Завтра, завтра, завтра — страница 35 из 83

– Ну да. Я снова в Лос-Анджелесе. Снова в больнице вместе с тобой. Начинаю все заново. Без Дова… Новая игра. Новый офис. Размякнешь тут.

– А я-то возомнил, ты тревожишься обо мне: вдруг я умру, – обиделся Сэм.

– И не надейся, – хмыкнула Сэди. – Ты никогда не умрешь. А если умрешь, я просто начну игру заново.

– Сэм умер! Опустите четвертак в прорезь автомата! И продолжите игру с точки сохранения! Когда-нибудь вы непременно выиграете!

– Боишься? – спросила Сэди, помолчав.

– Нет. Напротив, скорее рад. Рад, что наконец-то все кончится. С другой стороны, мне чертовски жаль свою бесполезную ногу. Мы столько всего с ней вынесли, к тому же, открою тебе тайну, она приносила мне удачу.

– Удачу?

– Ну, если бы не она, я не очутился бы в больнице и не повстречал бы тебя. И мы никогда бы не подружились. И никогда не стали бы врагами.

– Не выдумывай. Я никогда не была твоим врагом.
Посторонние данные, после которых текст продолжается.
(* Let $n\ge 2$ and $0\le r\le n$, and work in the polynomial ring $R=k[\alpha_{i,0},\alpha_{i,1},\beta_{m,0},\beta_{m,1}: 1\le i\le n,\ 1\le m\le n-2]$, with $f_n(x,y)=\prod_{i=1}^n(\alpha_{i,0}x-\alpha_{i,1}y)$ and $f_{n-2}(x,y)=\prod_{m=1}^{n-2}(\beta_{m,0}x-\beta_{m,1}y)$. For $(n,r)=(2,2)$ one has $DR_{2,2}(f_2,f_0)=f_0^2$, where $f_0$ is the constant binary form of degree $0$. For every other pair $(n,r)$ the following identity holds in $R$: $$DR_{n,r}(f_n,f_{n-2})=\sum_{\substack{I\sqcup J=[n]\\ |I|=r}}\left(\prod_{\substack{j\in J\\ i\in[n]\setminus\{j\}}}[\alpha_i,\alpha_j]\cdot\prod_{\substack{i\in I\\ m\in[n-2]}}[\beta_m,\alpha_i]\right),$$ where $[N]=\{1,\dots,N\}$ and the sum runs over all ordered decompositions of $[n]$ into disjoint subsets $I,J$ with $|I|=r$.
   Context: Let $k$ be a field of characteristic zero. For pairs of elements $\sigma=(\sigma_0,\sigma_1)$, $\tau=(\tau_0,\tau_1)$ of a commutative ring (written $\alpha_i=(\alpha_{i,0},\alpha_{i,1})$, $\beta_m=(\beta_{m,0},\beta_{m,1})$), the bracket is $[\sigma,\tau]:=\sigma_0\tau_1-\tau_0\sigma_1$. Resultant convention: if $f=\prod_{i=1}^d(\gamma_{i,0}x-\gamma_{i,1}y)$ and $g=\prod_{j=1}^e(\delta_{j,0}x-\delta_{j,1}y)$ are binary forms of degrees $d,e$, then $\mathrm{res}(f,g)=\prod_{i=1}^d\prod_{j=1}^e[\gamma_i,\delta_j]$; this is a polynomial in the coefficients of $f$ and $g$ (the classical resultant of binary forms), and it is used for forms with coefficients in any commutative $k$-algebra. Discriminant-resultants: for $n\ge2$, write a binary form of degree $n$ as $f(x,y)=\sum_{i=0}^n a_ix^iy^{n-i}$ and let $g$ be a binary form of degree $n-2$. The polynomials $DR_{n,r}(f,g)$ ($0\le r\le n$) in the coefficients of $f,g$ are defined by $$\sum_{r=0}^n DR_{n,r}(f,g)\,t^r=\mathrm{res}\big(f(x,y),\,x\partial_xf(x,y)+t\,xy\,g(x,y)\big)/(a_0a_n),$$ where $t$ is an indeterminate, the second argument is regarded as a binary form of degree $n$ with coefficients in $k[t]$, and the division by $a_0a_n$ is exact. $DR_{n,r}$ is bihomogeneous of degree $2n-2-r$ in the coefficients of $f$ and degree $r$ in those of $g$. *)

From HB Require Import structures.
From mathcomp Require Import all_boot all_order all_algebra.
From mathcomp Require Import fraction.
From mathcomp Require Export mpoly.
Set Implicit Arguments. Unset Strict Implicit. Unset Printing Implicit Defensive.
Import Order.TTheory GRing.Theory Num.Theory.
Local Open Scope ring_scope.

Notation "x %:F" := (@FracField.tofrac _ x) : ring_scope.

Definition bracket (A : comNzRingType) (s t : A * A) : A := s.1 * t.2 - t.1 * s.2.

(* A binary form  sum_k a_k x^k y^(d-k)  of (formal) degree d is represented by
   the univariate polynomial  sum_k a_k X^k  (its dehomogenization at y = 1),
   whose k-th coefficient is the coefficient of x^k y^(d-k). *)
Definition prodform (A : comNzRingType) (d : nat) (g : 'I_d -> A * A) : {poly A} :=
  \prod_(i < d) ((g i).1 *: 'X - ((g i).2)%:P).

(* Sylvester matrix of binary forms of formal degrees d, e with coefficient
   functions a, b (a k = coefficient of x^k y^(d-k)), coefficients listed in
   increasing powers of x: e shifted rows of a, then d shifted rows of b. *)
Definition sylvester (B : comNzRingType) (d e : nat) (a b : nat -> B) : 'M[B]_(e + d) :=
  \matrix_(i < e + d, j < e + d)
    if (i < e)%N then
      (if ((i <= j) && (j <= i + d))%N then a (j - i)%N else 0)
    else
      (if ((i - e <= j) && (j <= i - e + e))%N then b (j - (i - e))%N else 0).

(* Classical resultant of binary forms (Sylvester determinant).  With this
   ordering, res(prod (g_i0 x - g_i1 y), prod (h_j0 x - h_j1 y))
   = prod_{i,j} [g_i, h_j], the convention of the paper. *)
Definition bres (B : comNzRingType) (d e : nat) (a b : nat -> B) : B :=
  \det (sylvester d e a b).

(* Coefficients (in k[t], i.e. {poly A}) of the degree-n binary form
   x d_x f + t x y g, where f has formal degree n and g formal degree n-2. *)
Definition DRsecond (A : comNzRingType) (n : nat) (f g : {poly A}) (k : nat) : {poly A} :=
  (f`_k *+ k)%:P +
  (if k is k'.+1 then (if (k' <= n - 2)%N then g`_k' else 0) else 0)%:P * 'X.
– Еще как была. Ты была моим заклятым врагом. И это, – Сэм торжествующе потряс пресс-папье, – явное и непреложное тому доказательство.

– Я начинаю жалеть, что принесла его. – Сэди сделала попытку выхватить из рук Сэма подарок, но тот поспешно спрятал его за спину.

– Ты никогда не получишь его назад. Впрочем, теперь мы друзья. Но если бы не моя искалеченная нога, мы никогда не создали бы «Итиго». И никогда не сидели бы в больничной палате в пяти минутах ходьбы от клиники, где познакомились двенадцать лет назад.

– Да откуда ты знаешь! – негодующе фыркнула Сэди. – Мы могли бы встретиться в другом месте. Мы жили всего лишь в пяти милях друг от друга и поступили в университеты, расстояние между которыми не превышает двух миль. Мы могли бы познакомиться в Кембридже. Или раньше, в Лос-Анджелесе, на одной из математических олимпиад. Помнишь, какие злобные взгляды ты на меня там кидал? Не запирайся!

– И не подумаю. Ты же была моим злейшим недругом!

– Тебя ничем не прошибешь, Сэм. А по мне, мы и тогда симпатизировали друг другу, просто не хотели в этом признаться. Но вернемся к нашим баранам. Уверяю тебя, Сэм, вероятность нашей встречи была очень большой. Я бы даже сказала – бесконечной.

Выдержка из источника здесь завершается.